Neurology News

APOE Carriers Show Higher Risk for Amyloid-Related Imaging Abnormalities

Apolipoprotein E (APOE) genotypes are associated with the risk for amyloid-related imaging abnormalities (ARIA), according to the results of a genome-wide association study (GWAS) published in Neurology.

Previous trials of anti-amyloid monoclonal antibodies have reported an association between APOE e4 carriage and drug-induced ARIA risk, however, no studies have evaluated the rest of the human genome for risk alleles.

Researchers sourced data for this GWAS from the phase 3 ENGAGE (ClinicalTrials.gov Identifier: NCT02477800) and EMERGE (ClinicalTrials.gov Identifier: NCT02484547) trials that assessed aducanumab among patients with mild cognitive impairment (MCI) associated with Alzheimer disease (AD). In this study, the subset of individuals (n=1691; mean age, 70.3; 51% women) who received ³1 dose of aducanumab, had ³1 post-baseline magnetic resonance image (MRI), and had genotyping array data were assessed for ARIA risk. Among the study population, 50% had APOE e3/e4 genotype.

[W]e identified a robust association between genetic variants at the APOE locus and risk of developing aducanumab-related ARIA-E and ARIA-H, with no additional associations observed beyond this region.

The most significant association with ARIA risk was located in the APOE region. When conditioning on APOE, no additional variants reached genome-wide significance.

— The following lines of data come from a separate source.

Lemma linear_count_submul a b :
  linear_count (a + b) <= linear_count a * linear_count b.
Proof.
rewrite /linear_count -!size_filter -(size_allpairs cat).
apply: uniq_leq_size => [|w]; first exact/filter_uniq/uniq_words.
rewrite mem_filter mem_words => /andP[adm /eqP sw].
rewrite -(cat_take_drop a w); apply: allpairs_f; rewrite mem_filter mem_words.
- rewrite size_takel ?sw ?leq_addr // eqxx andbT.
  exact: admissible_infix (infix_take w a) adm.
- rewrite size_drop sw addKn eqxx andbT.
  exact: admissible_infix (infix_drop w a) adm.
Qed.

(* A submultiplicative f satisfying f(m)^p < c^m on a window [k, 2k) satisfies
   it for all m >= k, by peeling off blocks of length k. *)
Lemma submul_pow_bound (f : nat -> nat) (p c k : nat) : 0 < k ->
  (forall a b, f (a + b) <= f a * f b) ->
  (forall m, k <= m < k.*2 -> f m ^ p < c ^ m) ->
  forall m, k <= m -> f m ^ p < c ^ m.
Proof.
move=> k_gt0 submul window; elim/ltn_ind => m IH km.
have [small|large] := ltnP m k.*2; first by apply: window; rewrite km.
have -> : m = (m - k) + k by lia.
apply: (@leq_ltn_trans ((f (m - k) * f k) ^ p)).
  by case: p {window IH} => [//|p]; rewrite leq_exp2r ?submul.
by rewrite expnMn expnD ltn_mul // ?IH ?window; lia.
Qed.

Lemma linear_count_window m : 7 <= m < 14 -> linear_count m ^ 4 < 6 ^ m.
Proof.
have [L7 L8 L9 [L10 L11 L12 L13]] :
    [/\ linear_count 7 = 22, linear_count 8 = 30, linear_count 9 = 42
       & [/\ linear_count 10 = 59, linear_count 11 = 83, linear_count 12 = 116
            & linear_count 13 = 162]].
  by vm_compute.
move=> /andP[lo hi].
have : m \in iota 7 7 by rewrite mem_iota; lia.
by rewrite !inE => /or4P[|||/or4P[|||//]] /eqP->;
  rewrite ?L7 ?L8 ?L9 ?L10 ?L11 ?L12 ?L13; lia.
Qed.

Lemma linear_count_bound m : 7 <= m -> linear_count m ^ 4 < 6 ^ m.
Proof.
exact: (@submul_pow_bound _ _ _ 7 isT linear_count_submul linear_count_window).
Qed.

Section Cycle.
Variables (n : nat) (n_ge3 : 3 <= n).
Local Notation e := (cycle_adj n).

Definition vtx (k : nat) : 'I_n := Ordinal (ltn_pmod k (ltnW (ltnW n_ge3))).

Lemma val_vtx k : val (vtx k) = k %% n.
Proof. by []. Qed.

Lemma vtx_ord (x : 'I_n) : vtx x = x.
Proof. by apply: val_inj; rewrite val_vtx modn_small. Qed.

Lemma vtx_addn k : vtx (n + k) = vtx k.
Proof. by apply: val_inj; rewrite !val_vtx modnDl. Qed.

(* The two neighbours of a vertex are distinct since n >= 3. *)
Lemma vtx_neq2 k : vtx k != vtx k.+2.
Proof.
by rewrite -val_eqE !val_vtx -addn2 -{1}[k]addn0 eqn_modDl mod0n modn_small.
Qed.

Lemma adj_vtx k (y : 'I_n) : e (vtx k.+1) y = (y == vtx k) || (y == vtx k.+2).
Proof.
rewrite /cycle_adj orbC -!val_eqE !val_vtx; congr orb.
  by rewrite -[k.+1]addn1 -[(val y).+1]addn1 eqn_modDr (modn_small (ltn_ord y)) eq_sym.
by rewrite -addn1 modnDml addn1.
Qed.

Lemma adj_sym x y : e x y = e y x.
Proof. exact: orbC. Qed.

Lemma adj_irr x : ~~ e x x.
Proof.
rewrite /cycle_adj orbb; case: x => r r_lt /=.
rewrite -{1}(modn_small r_lt) -[r.+1]addn1 -{1}[r]addn0 eqn_modDl mod0n.
by rewrite modn_small // ltnW.
Qed.

Lemma card_nbhd_vtx (F : {set 'I_n}) k :
  #|nbhd e F (vtx k.+1)| = (vtx k \in F) + (vtx k.+2 \in F).
Proof.
have uniq_nb : uniq (filter (mem F) [:: vtx k; vtx k.+2]).
  by rewrite filter_uniq //= inE vtx_neq2.
rewrite -[RHS]addn0 -addnA -[RHS]/(count (mem F) [:: vtx k; vtx k.+2]) -size_filter.
rewrite -(card_uniqP uniq_nb); apply: eq_card => y.
by rewrite mem_filter !inE adj_vtx andbC.
Qed.

Lemma dissociation_add_vtx (F : {set 'I_n}) k :
  dissociation_set e F -> (vtx k \in F) + (vtx k.+2 \in F) <= 1 ->
  (vtx k \in F -> #|nbhd e F (vtx k)| = 0) ->
  (vtx k.+2 \in F -> #|nbhd e F (vtx k.+2)| = 0) ->
  dissociation_set e (vtx k.+1 |: F).
Proof.
move=> disF deg deg_l deg_r; apply: dissociation_setU1 => //.
- exact: adj_irr.
- by rewrite card_nbhd_vtx.
- by move=> u uF; rewrite adj_sym adj_vtx => /orP[] /eqP Eu; rewrite Eu in uF *;
    [exact: deg_l | exact: deg_r].
Qed.

Section MaximalPatterns.
Variable F : {set 'I_n}.
Hypothesis F_max : maximal_dissociation_set e F.

(* Vertex k + 1 would have degree 2 in G[F]. *)
Lemma no_111 k : ~~ [&& vtx k \in F, vtx k.+1 \in F & vtx k.+2 \in F].
Proof.
case/maximal_dissociationP: F_max => /forall_inP disF _.
by apply/and3P => -[a b c]; have := disF _ b; rewrite card_nbhd_vtx a c.
Qed.

(* Vertex k + 1 could be added. *)
Lemma no_000 k : ~~ [&& vtx k \notin F, vtx k.+1 \notin F & vtx k.+2 \notin F].
Proof.
case/maximal_dissociationP: F_max => disF maxF; apply/and3P => -[a b c].
case/negP: (maxF _ b); apply: dissociation_add_vtx => //;
  by rewrite ?(negPf a) ?(negPf c).
Qed.

(* Vertex k + 2 could be added: its neighbour k + 1 is isolated in G[F]. *)
Lemma no_0100 k :
  ~~ [&& vtx k \notin F, vtx k.+1 \in F, vtx k.+2 \notin F & vtx k.+3 \notin F].
Proof.
case/maximal_dissociationP: F_max => disF maxF; apply/and4P => -[a b c d].
case/negP: (maxF _ c); apply: (@dissociation_add_vtx _ k.+1) => //.
- by rewrite b (negPf d).
- by rewrite card_nbhd_vtx (negPf a) (negPf c).
- by rewrite (negPf d).
Qed.

(* Vertex k + 1 could be added: its neighbour k + 2 is isolated in G[F]. *)
Lemma no_0010 k :
  ~~ [&& vtx k \notin F, vtx k.+1 \notin F, vtx k.+2 \in F & vtx k.+3 \notin F].
Proof.
case/maximal_dissociationP: F_max => disF maxF; apply/and4P => -[a b c d].
case/negP: (maxF _ b); apply: dissociation_add_vtx => //.
- by rewrite c (negPf a).
- by rewrite (negPf a).
- by rewrite card_nbhd_vtx (negPf b) (negPf d).
Qed.
End MaximalPatterns.

Definition reading (F : {set 'I_n}) (k m : nat) : seq bool :=
  [seq vtx i \in F | i <- iota k m].

Lemma reading_forbidden F k p : maximal_dissociation_set e F ->
  p \in forbidden -> reading F k (size p) != p.
Proof.
move=> Fmax; rewrite !inE => /or4P[] /eqP-> /=;
  rewrite !eqseq_cons ?andbT ?eqb_id ?eqbF_neg.
- exact: no_111.
- exact: no_000.
- exact: no_0100.
- exact: no_0010.
Qed.

Lemma infix_reading F m p :
  infix p (reading F 0 m) -> exists k, p = reading F k (size p).
Proof.
case/infixP=> s [s' E]; exists (size s).
have /eqP : size (reading F 0 m) == size s + size p + size s'.
  by rewrite E !size_cat addnA.
rewrite size_map size_iota => Em.
have : take (size p) (drop (size s) (reading F 0 m)) = p.
  by rewrite E drop_size_cat // take_size_cat.
rewrite -map_drop -map_take drop_iota take_iota add0n.
have -> : minn (size p) (m - size s) = size p by lia.
by move=> Ep; rewrite -[in LHS]Ep.
Qed.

The association between ARIA and APOE was dose-dependent. Risk for ARIA with edema or sulcal effusion (ARIA-E) was associated with APOE e3/e4 (odds ratio [OR], 1.74; P =.0002), APOE e2/e4 (OR, 2.60; P =.01), and APOE e4/e4 (OR, 4.28; P =6.2E-17).

For ARIA with hemorrhage (ARIA-H), significant associations were observed for APOE e3/e4 for ARIA-H with microhemorrhage (OR, 1.46; P =.03) or with superficial siderosis (OR, 3.14; P =3.2E-6) and APOE e4/e4 for ARIA-H with microhemorrhage (OR, 4.58; P =2.9E-14) or with superficial siderosis (OR, 7.84; P =7.8E-15).

Stratified by ARIA severity, compared with control individuals, APOE e3/e4 was associated with risk for:

  • mild (relative risk [RR], 1.55; P =.02) and moderate (RR, 1.53; P =.005) ARIA-E;
  • mild (RR, 2.68; P =.0002) and severe (RR, 4.18; P =.01) ARIA-H with superficial siderosis;
  • APOE e4/e4 with mild (RR, 2.44; P =1.37E-5), moderate (RR, 2.77; P =2.89E-11), and severe (RR, 3.58; P =2.72E-5) ARIA-E;
  • mild (RR, 2.32; P =1.83E-7), moderate (RR, 3.70; P =.001), and severe (RR, 4.79; P =2.38E-6) ARIA-H with microhemorrhage; and
  • mild (RR, 3.57; P =6.76E-6), moderate (RR, 4.76; P =4.05E-6), and severe (RR, 7.32; P =2.06E-5) ARIA-H with superficial siderosis.

Stratified by symptomatic status, relative to control individuals, APOE e3/e4 was associated with:

  • symptomatic (RR, 1.59; P =.03) and asymptomatic (RR, 1.53; P =.001) ARIA-E;
  • asymptomatic ARIA-H with microhemorrhage (RR, 1.38; P =.03);
  • symptomatic (RR, 3.48; P =.04) and asymptomatic (RR, 2.51; P =2.1E-5) ARIA-H with superficial siderosis;
  • APOE e4/e4 with symptomatic (RR, 2.56; P =3.8E-5) and asymptomatic (RR, 2.90; P =2.2E-15) ARIA-E;
  • asymptomatic (RR, 3.55; P =8.3E-5) and symptomatic (RR, 2.72; P =1.7E-11) ARIA-H with microhemorrhage; and
  • symptomatic (RR, 5.14; P =.004) and asymptomatic (RR, 4.69; P =1.2E-13) ARIA-H with superficial siderosis.

Risk for ARIA-E combined with ARIA-H microhemorrhage was associated with

  • APOE e3/e4 (OR, 1.66; P =.02) and e4/e4 (OR, 5.55; P =2.16E-13) and
  • combined with ARIA-H with superficial siderosis with APOE e3/e4 (OR, 3.45; P =6.42E-6) and e4/e4 (OR, 8.90; P =6.75E-14).

“[W]e identified a robust association between genetic variants at the APOE locus and risk of developing aducanumab-related ARIA-E and ARIA-H, with no additional associations observed beyond this region.”

Disclosures: This research was supported by Biogen. Some study authors declared affiliations with biotech, pharmaceutical, and/or device companies. Please see the original reference for a full list of disclosures.